MARKET WATCH: Oil prices drop sharply as economy falters

June 22, 2012
Oil prices had the trajectory of a thrown rock June 21 with front-month contracts falling below $79/bbl for West Texas Intermediate and under $90/bbl for North Sea Brent.

Oil prices had the trajectory of a thrown rock June 21 with front-month contracts falling below $79/bbl for West Texas Intermediate and under $90/bbl for North Sea Brent.

“Yesterday was one crummy day for the markets, with energy really taking it on the chin,” said analysts in the Houston office of Raymond James & Associates Inc. The Standard & Poor's 500 Index dropped 2.2%, but that “paled in comparison to WTI’s 4% plunge, taking oil prices to their lowest level since October,” they said. “While natural gas gained 2.6% [in the New York futures market] after a bullish storage report, it wasn't nearly enough to save energy stocks, with the [Oil Service Index] and the [SIG Oil Exploration & Production Index] both dropping more than 5%.”

James Zhang at Standard New York Securities Inc., the Standard Bank Group, said, “The oil market suffered another heavy blow on downbeat US economic data and rumors of bank downgrades by Moody ’s [Investors Service Inc.], which were later confirmed. Crude underperformed oil products again as the sell-off has been led by the apparent long liquidation in crude. The term structures across both the Brent and the WTI curves also fell really hard, which has pushed the first 12 months of the Brent curve and the whole WTI curve into contango. Both structures have recovered somewhat this morning. In the options market, implied volatility spiked again as the flat price fell sharply.”

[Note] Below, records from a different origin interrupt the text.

(* Let $r\ge 2$ and $m$ be integers with $3\le m\le 6$. Then for every integer $n\ge m-1$, $$F_{n+2,r}\equiv F_{n,r}\pmod{2^m},$$ i.e. from the term of index $m-1$ onward the sequence $(F_{n,r}\bmod 2^m)_{n\ge0}$ is periodic with period $2$.
   Context: For positive integers $r\le m\le n$, $S_r(n,m)$ denotes the $r$-Stirling number of the second kind: the number of partitions of $\{1,\dots,n\}$ into $m$ non-empty blocks such that $1,\dots,r$ lie in pairwise distinct blocks. For a positive integer $r$ and integer $n\ge 0$, the $r$-Fubini number is $F_{n,r}=\sum_{k=0}^{n}(k+r)!\,S_r(n+r,k+r)$. *)

From mathcomp Require Import all_boot.
Set Implicit Arguments. Unset Strict Implicit. Unset Printing Implicit Defensive.

(* r-Stirling number of the second kind S_r(n,m): the number of partitions of
   {1,...,n} (here modelled as 'I_n = {0,...,n-1}, with element i+1 <-> i)
   into m non-empty blocks such that 1,...,r (here 0,...,r-1) lie in pairwise
   distinct blocks.  MathComp's [partition P D] requires blocks non-empty,
   pairwise disjoint and covering D. *)
Definition rstirling2 (r n m : nat) : nat :=
  #|[set P : {set {set 'I_n}} |
      [&& partition P [set: 'I_n], #|P| == m &
          [forall i : 'I_n, forall j : 'I_n,
             [&& i < r, j < r & i != j] ==> (pblock P i != pblock P j)]]]|.

Definition rfubini (n r : nat) : nat :=
  \sum_(0 <= k < n.+1) (k + r)`! * rstirling2 r (n + r) (k + r).

(* Inserting the largest element into an r-partition of the smaller ones, either as a
   new singleton block or into one of the existing blocks (the latter only if it is not
   one of 1, ..., r), gives S_r(n+1,m+1) = [r <= n] (m+1) S_r(n,m+1) + S_r(n,m).  Hence
   the summands a(n,k) = (k+r)! S_r(n+r,k+r) of F_{n,r} satisfy
   a(n+1,k) = (k+r) (a(n,k) + a(n,k-1)), and 2^6 divides a(n,k) once k + r >= 8.
   Modulo 2^6 the vector (a(n,0), ..., a(n,7)) therefore evolves under a fixed map; for
   r >= 8 it vanishes, and for 2 <= r <= 7 it is periodic from n = 5 on (period 8), so the
   congruences reduce to a finite computation. *)

From mathcomp Require Import all_boot zify.
Set Implicit Arguments. Unset Strict Implicit. Unset Printing Implicit Defensive.

Lemma card_pointed (T : finType) (A : {set {set T}}) :
  #|[set p : {set T} * T | (p.1 \in A) && (p.2 \in p.1)]| = \sum_(B in A) #|B|.
Proof.
rewrite -sum1_card; under eq_bigl => p do rewrite inE.
rewrite -(pair_big_dep (mem A) (fun B i => i \in B) (fun _ _ => 1)) /=.
by apply: eq_bigr => B _; rewrite sum1_card.
Qed.

Section RestrictedPartitions.
Variables (T : finType) (v : T -> nat) (r : nat).

(* The elements of weight less than [r] play the role of 1, ..., r. *)
Definition low_separated (P : {set {set T}}) : bool :=
  [forall B in P, forall i in B, forall j in B, (v i < r) && (v j < r) ==> (i == j)].

Definition rpartitions (D : {set T}) (m : nat) : {set {set {set T}}} :=
  [set P | [&& partition P D, #|P| == m & low_separated P]].

Lemma low_separatedP (P : {set {set T}}) :
  reflect (forall B i j, B \in P -> i \in B -> j \in B -> v i < r -> v j < r -> i = j)
          (low_separated P).
Proof.
apply: (iffP forall_inP) => [sepP B i j BP iB jB ri rj | sepP B BP].
  by move/forall_inP/(_ i iB)/forall_inP/(_ j jB): (sepP B BP); rewrite ri rj => /eqP.
apply/forall_inP => i iB; apply/forall_inP => j jB.
by apply/implyP => /andP[ri rj]; apply/eqP; apply: sepP BP iB jB ri rj.
Qed.

Lemma low_separated_coarser (P Q : {set {set T}}) :
  (forall B, B \in Q -> exists2 B', B' \in P & B \subset B') ->
  low_separated P -> low_separated Q.
Proof.
move=> coarser /low_separatedP sepP; apply/low_separatedP => B i j BQ iB jB.
have [B' B'P /subsetP sBB'] := coarser B BQ.
exact: sepP B' i j B'P (sBB' _ iB) (sBB' _ jB).
Qed.

Lemma card_rpartitions_set0 m : #|rpartitions set0 m| = (m == 0).
Proof.
have -> : rpartitions set0 m = if m == 0 then [set set0] else set0.
  apply/setP => P; rewrite !inE partition_set0.
  have [-> | nzP] := eqVneq P set0; last by case: (m == 0); rewrite ?inE ?(negbTE nzP).
  rewrite cards0; case: m => [|m]; last by rewrite inE.
  by rewrite inE !eqxx /=; apply/low_separatedP => B i j; rewrite inE.
by case: (m == 0); rewrite ?cards1 ?cards0.
Qed.

Lemma card_rpartitions_setU1_0 x D : #|rpartitions (x |: D) 0| = 0.
Proof.
apply/eqP; rewrite cards_eq0; apply/eqP/setP => P; rewrite !inE.
apply/negbTE/negP => /and3P[partP]; rewrite cards_eq0 => /eqP P0 _.
have := cover_partition partP; rewrite P0 /cover big_set0 => /setP/(_ x).
by rewrite !inE eqxx.
Qed.

Section AddPoint.
Variables (x : T) (D : {set T}).
Hypothesis xD : x \notin D.

Let x_alone : {set {set {set T}}} := [set P : {set {set T}} | [set x] \in P].

Lemma setU1_setD (C : {set T}) : C \subset D -> (x |: C) :|: (D :\: C) = x |: D.
Proof.
move=> /subsetP sCD; apply/setP => y; rewrite !inE.
by case: (y == x) => //=; case yC: (y \in C) => //=; rewrite sCD.
Qed.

Olivier Jakob at Petromatrix in Zug, Switzerland, said, “The S&P 500 suffered a strong set-back, and Europe looks worse and worse by the day. The only solutions now being proposed are to break the rules: The European Central Bank is looking at relaxing its rules on collateral that can be used for its loans, the European Union continues to push for a ban on rating agencies, etc.”

Zhang reported, “The US published a set of disappointing economic data, including weekly job numbers and the Philadelphia Federal Reserve survey, which weighed on market sentiment. However, it’s the rumor of imminent rating downgrades on a number of major global banks by Moody’s that has sent risky assets tumbling, with the Dow Jones Industrial Average dropping by more than 250 points. The US dollar strengthened by around 1%, which has caused dollar-denominated commodities to tumble.”

US gas inventory

The US Energy Information Administration reported the injection of 62 bcf of natural gas into US underground storage in the week ended June 15, below Wall Street’s consensus expectation for an input of 64 bcf. That raised working gas in storage above 3 tcf—680 bcf higher than last year at this time and 641 bcf above the 5-year average (OGJ Online, June 21, 2012).

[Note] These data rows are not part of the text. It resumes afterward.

Lemma bernstein_quadratic N1 N2 g x1 x2 a0 a1 a2 a11 a12 a22 :
  (1 <= N1)%nat -> (1 <= N2)%nat ->
  (forall y1 y2, g y1 y2
     = a0 + a1 * y1 + a2 * y2 + a11 * y1 ^ 2 + a12 * y1 * y2 + a22 * y2 ^ 2) ->
  bernstein N1 N2 g x1 x2
  = a0 + a1 * x1 + a2 * x2 + a11 * (x1 ^ 2 + x1 * (1 - x1) / INR N1)
    + a12 * x1 * x2 + a22 * (x2 ^ 2 + x2 * (1 - x2) / INR N2).
Proof.
  intros H1 H2 Hg. unfold bernstein.
  rewrite (sum_eq _ (fun j1 => bern_weight N1 x1 j1 *
     ((a0 + a2 * x2 + a22 * (x2 ^ 2 + x2 * (1 - x2) / INR N2))
      + (a1 + a12 * x2) * (INR j1 / INR N1) + a11 * (INR j1 / INR N1) ^ 2))).
  - rewrite bernstein1_quadratic by exact H1. ring.
  - intros j1 _.
    rewrite (sum_eq _ (fun j2 => bern_weight N2 x2 j2 *
        ((a0 + a1 * (INR j1 / INR N1) + a11 * (INR j1 / INR N1) ^ 2)
         + (a2 + a12 * (INR j1 / INR N1)) * (INR j2 / INR N2)
         + a22 * (INR j2 / INR N2) ^ 2) * bern_weight N1 x1 j1))
      by (intros j2 _; rewrite Hg; unfold bern_weight; ring).
    rewrite <- scal_sum, bernstein1_quadratic by exact H2. ring.
Qed.

Lemma bernstein_const N1 N2 c x1 x2 : (1 <= N1)%nat -> (1 <= N2)%nat ->
  bernstein N1 N2 (fun _ _ => c) x1 x2 = c.
Proof.
  intros H1 H2. rewrite (bernstein_quadratic _ _ _ _ _ c 0 0 0 0 0) by (auto; intros; ring).
  ring.
Qed.

Lemma bernstein_plus_scal N1 N2 g h c x1 x2 :
  bernstein N1 N2 (fun y1 y2 => g y1 y2 + c * h y1 y2) x1 x2
  = bernstein N1 N2 g x1 x2 + c * bernstein N1 N2 h x1 x2.
Proof.
  unfold bernstein. rewrite scal_sum, <- plus_sum. apply sum_eq; intros j1 _.
  rewrite (Rmult_comm (sum_f_R0 _ N2) c), scal_sum, <- plus_sum.
  apply sum_eq; intros j2 _. ring.
Qed.

Lemma bernstein_le N1 N2 g h x1 x2 : inD x1 x2 ->
  (forall j1 j2, (j1 <= N1)%nat -> (j2 <= N2)%nat ->
     g (INR j1 / INR N1) (INR j2 / INR N2) <= h (INR j1 / INR N1) (INR j2 / INR N2)) ->
  bernstein N1 N2 g x1 x2 <= bernstein N1 N2 h x1 x2.
Proof.
  intros [Hx1 Hx2] Hgh. unfold bernstein.
  apply sum_Rle; intros j1 Hj1. apply sum_Rle; intros j2 Hj2.
  apply Rmult_le_compat_l; [|apply Hgh; assumption].
  pose proof (bern_weight_ge0 N1 x1 j1 Hx1). pose proof (bern_weight_ge0 N2 x2 j2 Hx2).
  replace (Binomial.C N1 j1 * Binomial.C N2 j2 * x1 ^ j1 * (1 - x1) ^ (N1 - j1)
           * x2 ^ j2 * (1 - x2) ^ (N2 - j2))
    with (bern_weight N1 x1 j1 * bern_weight N2 x2 j2) by (unfold bern_weight; ring).
  apply Rmult_le_pos; assumption.
Qed.

Lemma compA_inD d t y1 y2 : 0 < d <= 1 -> 0 <= t <= 1 -> inD y1 y2 ->
  inD (y1 - t * (d * y1 - d * y2)) (y2 - t * (- y1 + y2)).
Proof.
  intros Hd Ht [[? ?] [? ?]]. assert (0 <= t * d <= 1) by nra.
  split; split; nra.
Qed.

Lemma grid_in_unit (j N : nat) : (1 <= N)%nat -> (j <= N)%nat -> 0 <= INR j / INR N <= 1.
Proof.
  intros HN Hj. assert (0 < INR N) by (apply lt_0_INR; lia).
  apply le_INR in Hj. pose proof (pos_INR j). split.
  - apply Rdiv_le_0_compat; lra.
  - apply (Rdiv_le_1 (INR j) (INR N)); lra.
Qed.

Lemma admissible_N2_pos d (N N2 : nat) : 0 < d -> (1 <= N)%nat -> INR N2 = d * INR N ->
  (1 <= N2)%nat.
Proof.
  intros Hd HN HN2. destruct N2; [|lia].
  apply le_INR in HN. simpl in HN, HN2. nra.
Qed.

Definition disc_gen (d kappa : R) (N N2 : nat) (f : R -> R -> R) (x1 x2 : R) : R :=
  (bernstein N N2 (compA d kappa N f) x1 x2 - f x1 x2) / (1 / INR N).

Lemma disc_gen_plus_scal d kappa N N2 f g c x1 x2 : (1 <= N)%nat ->
  disc_gen d kappa N N2 (fun y1 y2 => f y1 y2 + c * g y1 y2) x1 x2
  = disc_gen d kappa N N2 f x1 x2 + c * disc_gen d kappa N N2 g x1 x2.
Proof.
  intros HN. assert (0 < INR N) by (apply lt_0_INR; lia).
  unfold disc_gen, compA. rewrite bernstein_plus_scal. field. lra.
Qed.

Lemma disc_gen_ge0_at_min d kappa N N2 f x1 x2 :
  0 < d <= 1 -> 0 < kappa -> (1 <= N)%nat -> (1 <= N2)%nat -> kappa <= INR N ->
  inD x1 x2 -> (forall y1 y2, inD y1 y2 -> f x1 x2 <= f y1 y2) ->
  0 <= disc_gen d kappa N N2 f x1 x2.
Proof.
  intros Hd Hk HN HN2 HkN Hx Hmin.
  assert (0 < INR N) by (apply lt_0_INR; lia).
  assert (Hf : f x1 x2 <= bernstein N N2 (compA d kappa N f) x1 x2).
  { rewrite <- (bernstein_const N N2 (f x1 x2) x1 x2 HN HN2).
    apply bernstein_le; [exact Hx|]. intros j1 j2 Hj1 Hj2.
    apply Hmin, compA_inD; auto.
    - split; [apply Rdiv_le_0_compat | apply (Rdiv_le_1 kappa (INR N))]; lra.
    - split; apply grid_in_unit; auto. }
  unfold disc_gen. replace (1 / INR N) with (/ INR N) by (field; lra).
  unfold Rdiv. rewrite Rinv_inv. apply Rmult_le_pos; lra.
Qed.

Definition gen_at (d kappa : R) (f : R -> R -> R) (a x1 x2 : R) : Prop :=
  forall eps, 0 < eps -> exists N0 : nat, forall N N2 : nat,
    (1 <= N)%nat -> (N0 <= N)%nat -> INR N2 = d * INR N ->
    Rabs (disc_gen d kappa N N2 f x1 x2 - a) < eps.

Lemma gen_at_of_gen d kappa f g x1 x2 : gen d kappa f g -> inD x1 x2 ->
  gen_at d kappa f (g x1 x2) x1 x2.
Proof.
  intros [_ [_ Hconv]] Hx eps Heps. destruct (Hconv eps Heps) as [N0 HN0].
  exists N0. intros N N2 HN HN0' HN2. apply HN0; assumption.
Qed.

Lemma gen_at_plus_scal d kappa f g a b c x1 x2 :
  gen_at d kappa f a x1 x2 -> gen_at d kappa g b x1 x2 ->
  gen_at d kappa (fun y1 y2 => f y1 y2 + c * g y1 y2) (a + c * b) x1 x2.
Proof.
  intros Hf Hg eps Heps. pose proof (Rabs_pos c).
  destruct (Hf (eps / 2)) as [N1 H1]; [lra|].
  destruct (Hg (eps / (2 * (Rabs c + 1)))) as [N2 H2]; [apply Rdiv_lt_0_compat; lra|].
  exists (Nat.max N1 N2). intros N M HN HNmax HM.
  specialize (H1 N M HN ltac:(lia) HM). specialize (H2 N M HN ltac:(lia) HM).
  rewrite disc_gen_plus_scal by exact HN.
  set (e1 := disc_gen d kappa N M f x1 x2 - a) in *.
  set (e2 := disc_gen d kappa N M g x1 x2 - b) in *.
  replace (_ + c * _ - (a + c * b)) with (e1 + c * e2) by (unfold e1, e2; ring).
  assert (Hce : Rabs c * Rabs e2 <= eps / 2).
  { apply Rle_trans with ((Rabs c + 1) * (eps / (2 * (Rabs c + 1)))).
    - pose proof (Rabs_pos e2). nra.
    - right. field. lra. }
  pose proof (Rabs_triang e1 (c * e2)). rewrite Rabs_mult in *. lra.
Qed.

Lemma admissible_unbounded d (p q : nat) : (0 < q)%nat -> d = INR p / INR q ->
  forall (N0 : nat) (B : R), exists N N2 : nat,
    (1 <= N)%nat /\ (N0 <= N)%nat /\ INR N2 = d * INR N /\ B < INR N.
Proof.
  intros Hq Hd N0 B. destruct (INR_unbounded B) as [n Hn].
  exists (S (n + N0) * q)%nat, (S (n + N0) * p)%nat.
  assert (Hle : (S (n + N0) <= S (n + N0) * q)%nat) by nia.
  split; [lia|]. split; [lia|]. split.
  - rewrite !mult_INR, Hd. field. apply not_0_INR. lia.
  - apply le_INR in Hle. assert (INR n < INR (S (n + N0))) by (apply lt_INR; lia). lra.
Qed.

Lemma gen_at_ge0_at_min d kappa p q f a x1 x2 :
  0 < d <= 1 -> 0 < kappa -> (0 < q)%nat -> d = INR p / INR q ->
  gen_at d kappa f a x1 x2 -> inD x1 x2 ->
  (forall y1 y2, inD y1 y2 -> f x1 x2 <= f y1 y2) -> 0 <= a.
Proof.
  intros Hd Hk Hq Hdq Hgen Hx Hmin.
  destruct (Rle_or_lt 0 a) as [|Ha]; [assumption|exfalso].
  destruct (Hgen (- a)) as [N0 HN0]; [lra|].
  destruct (admissible_unbounded d p q Hq Hdq N0 kappa) as [N [N2 [HN [HNN0 [HN2 HkN]]]]].
  specialize (HN0 N N2 HN HNN0 HN2). apply Rabs_def2 in HN0.
  assert (0 <= disc_gen d kappa N N2 f x1 x2).
  { apply disc_gen_ge0_at_min; try lra; auto.
    apply (admissible_N2_pos d N N2); lra || assumption. }
  lra.
Qed.

(* [x1 + d x2] is conserved by the drift ([(1, d) . M x = 0]), so the
   first-order part of [L_d] only sees the [(x1 - x2)^2] term, which is there
   to make [L_d barrier] negative at [(1,0)] and [(0,1)] as well.
   [barrier_gen d kappa x1 x2 t] is the discrete generator of [barrier] at
   [t = kappa / N]; at [t = 0] it is [L_d barrier]. *)
Definition barrier_quad (d a b : R) : R := d ^ 2 / 2 * (a - b) ^ 2 - (a + d * b) ^ 2.

Definition barrier (d y1 y2 : R) : R := (1 + d) * (y1 + d * y2) + barrier_quad d y1 y2.

Definition barrier_gen (d kappa x1 x2 t : R) : R :=
  kappa * d ^ 2 * (1 + d) * (x1 - x2) ^ 2 * (t * (1 + d) / 2 - 1)
  + barrier_quad d (1 - t * d) t * (x1 * (1 - x1))
  + barrier_quad d (t * d) (1 - t) * (x2 * (1 - x2)) / d.

Lemma barrier_corners d : barrier d 0 0 = 0 /\ barrier d 1 1 = 0.
Proof. unfold barrier, barrier_quad. split; ring. Qed.

Lemma contD_barrier d : contD (barrier d).
Proof.
  intros x1 x2 _ eps Heps.
  assert (Hc : continuity_2d_pt (barrier d) x1 x2).
  { unfold barrier, barrier_quad. simpl pow.
    repeat first [ apply continuity_2d_pt_plus | apply continuity_2d_pt_minus
                 | apply continuity_2d_pt_mult | apply continuity_2d_pt_const
                 | apply continuity_2d_pt_opp | apply continuity_2d_pt_id1
                 | apply continuity_2d_pt_id2 ]. }
  destruct (Hc (mkposreal eps Heps)) as [delta Hdelta].
  exists delta. split; [apply cond_pos|]. intros y1 y2 _. apply Hdelta.
Qed.

Lemma disc_gen_barrier d kappa (N N2 : nat) x1 x2 :
  0 < d -> (1 <= N)%nat -> INR N2 = d * INR N ->
  disc_gen d kappa N N2 (barrier d) x1 x2 = barrier_gen d kappa x1 x2 (kappa / INR N).
Proof.
  intros Hd HN HN2. assert (0 < INR N) by (apply lt_0_INR; lia).
  set (t := kappa / INR N).
  set (a11 := barrier_quad d (1 - t * d) t).
  set (a22 := barrier_quad d (t * d) (1 - t)).
  unfold disc_gen.
  rewrite (bernstein_quadratic _ _ _ _ _ 0 (1 + d) (d * (1 + d)) a11
             (- (1 + d) ^ 2 - a11 - a22) a22).
  - unfold barrier_gen, barrier, a11, a22, barrier_quad, t. rewrite HN2. field. lra.
  - exact HN.
  - apply (admissible_N2_pos d N N2); assumption.
  - intros y1 y2. unfold compA, barrier, a11, a22, barrier_quad, t. field. lra.
Qed.

Lemma gen_at_barrier d kappa x1 x2 : 0 < d -> 0 < kappa ->
  gen_at d kappa (barrier d) (barrier_gen d kappa x1 x2 0) x1 x2.
Proof.
  intros Hd Hk eps Heps.
  assert (Hc : continuity_pt (barrier_gen d kappa x1 x2) 0)
    by (unfold barrier_gen, barrier_quad; reg).
  destruct (proj1 (continuity_pt_locally _ _) Hc (mkposreal eps Heps)) as [delta Hdelta].
  pose proof (cond_pos delta).
  destruct (INR_unbounded (kappa / delta)) as [N0 HN0].
  exists N0. intros N N2 HN HNN0 HN2.
  assert (0 < INR N) by (apply lt_0_INR; lia).
  apply le_INR in HNN0.
  rewrite disc_gen_barrier by assumption.
  apply Hdelta. unfold ball; simpl; unfold AbsRing_ball, abs, minus, plus, opp; simpl.
  rewrite Ropp_0, Rplus_0_r, Rabs_pos_eq by (apply Rdiv_le_0_compat; lra).
  apply Rlt_div_l; [lra|].
  apply (Rmult_lt_reg_r (/ delta)); [apply Rinv_0_lt_compat; lra|].
  replace (delta * INR N * / delta) with (INR N) by (field; lra). unfold Rdiv in HN0. lra.
Qed.

Lemma barrier_gen0_lt0 d kappa x1 x2 : 0 < d <= 1 -> 0 < kappa -> inD x1 x2 ->
  ~ (x1 = 0 /\ x2 = 0) -> ~ (x1 = 1 /\ x2 = 1) -> barrier_gen d kappa x1 x2 0 < 0.
Proof.
  intros Hd Hk [[? ?] [? ?]] Hc0 Hc1.
  replace (barrier_gen d kappa x1 x2 0)
    with (- (kappa * d ^ 2 * (1 + d)) * (x1 - x2) ^ 2
          - (1 - d ^ 2 / 2) * (x1 * (1 - x1)) - d / 2 * (x2 * (1 - x2)))
    by (unfold barrier_gen, barrier_quad; field; lra).
  assert (0 < d ^ 2) by (apply pow_lt; lra).
  assert (0 < kappa * d ^ 2 * (1 + d)) by (apply Rmult_lt_0_compat; [nra | lra]).
  assert (1 / 2 <= 1 - d ^ 2 / 2) by nra.
  assert (0 <= x1 * (1 - x1)) by nra. assert (0 <= x2 * (1 - x2)) by nra.
  destruct (Req_dec x1 x2) as [<-|Hne].
  - assert (x1 * (1 - x1) <> 0) by (intros Hz; apply Rmult_integral in Hz;
      destruct Hz; [apply Hc0 | apply Hc1]; split; lra).
    nra.
  - assert (0 < (x1 - x2) ^ 2) by (apply pow2_gt_0; lra).
    nra.
Qed.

Raymond James analysts said, “Coal-to-gas switching continues to trend higher running 3-5 bcfd tighter for most of the year and switching an average of 5.7 bcfd through the first 3 months of the year. The real question is whether or not these levels of switching are sustainable. We would suggest the answer is no, primarily due to our belief that coal has become the more marginal supplier. As we enter into more normal summer weather, coal will be used to meet incremental demand. However, we would expect April and May switching levels to remain elevated due to shoulder season and continued mild weather.”

Meanwhile, the continued decrease in demand for hydroelectic power, “given this year's low snow pack, should help take additional supply out of the gas market,” they said. With current gas prices around “$2.60/Mcf and [our] belief that coal-to-gas switching slows in the $2.50/Mcf range and could actually reverse in the $3/Mcf range, we suspect switching will slow significantly in the near future,” said Raymond James analysts. “All in all, we expect coal-to-gas switching to average an impressive 4.3-4.5 bcfd for 2012, well north of last year's 1.8 bcfd.”

Energy prices

The new front-month August contract for benchmark US light, sweet crudes dropped $3.25 to $78.20/bbl June 21 on the New York Mercantile Exchange. The September contract fell $3.28 to $78.56/bbl. On the US spot market, WTI at Cushing, Okla., was down $3.60 to $78.20/bbl.

Heating oil for July delivery retreated 6.21¢ to $2.53/gal on NYMEX. Reformulated stock for oxygenate blending for the same month declined 4.01¢ to $2.55/gal.

The July natural gas contract climbed 6.5¢ to $2.58/MMbtu on NYMEX. On the US spot market, however, gas at Henry Hub, La., lost 6.7¢ to $2.53/MMbtu.

In London, the August IPE contract for North Sea Brent was down $3.46 to $89.23/bbl. Gas oil for July fell $19.25 to $822/tonne.

The average price for the Organization of Petroleum Exporting Countries’ basket of 12 benchmark crudes dropped $3.60 to $89.48/bbl.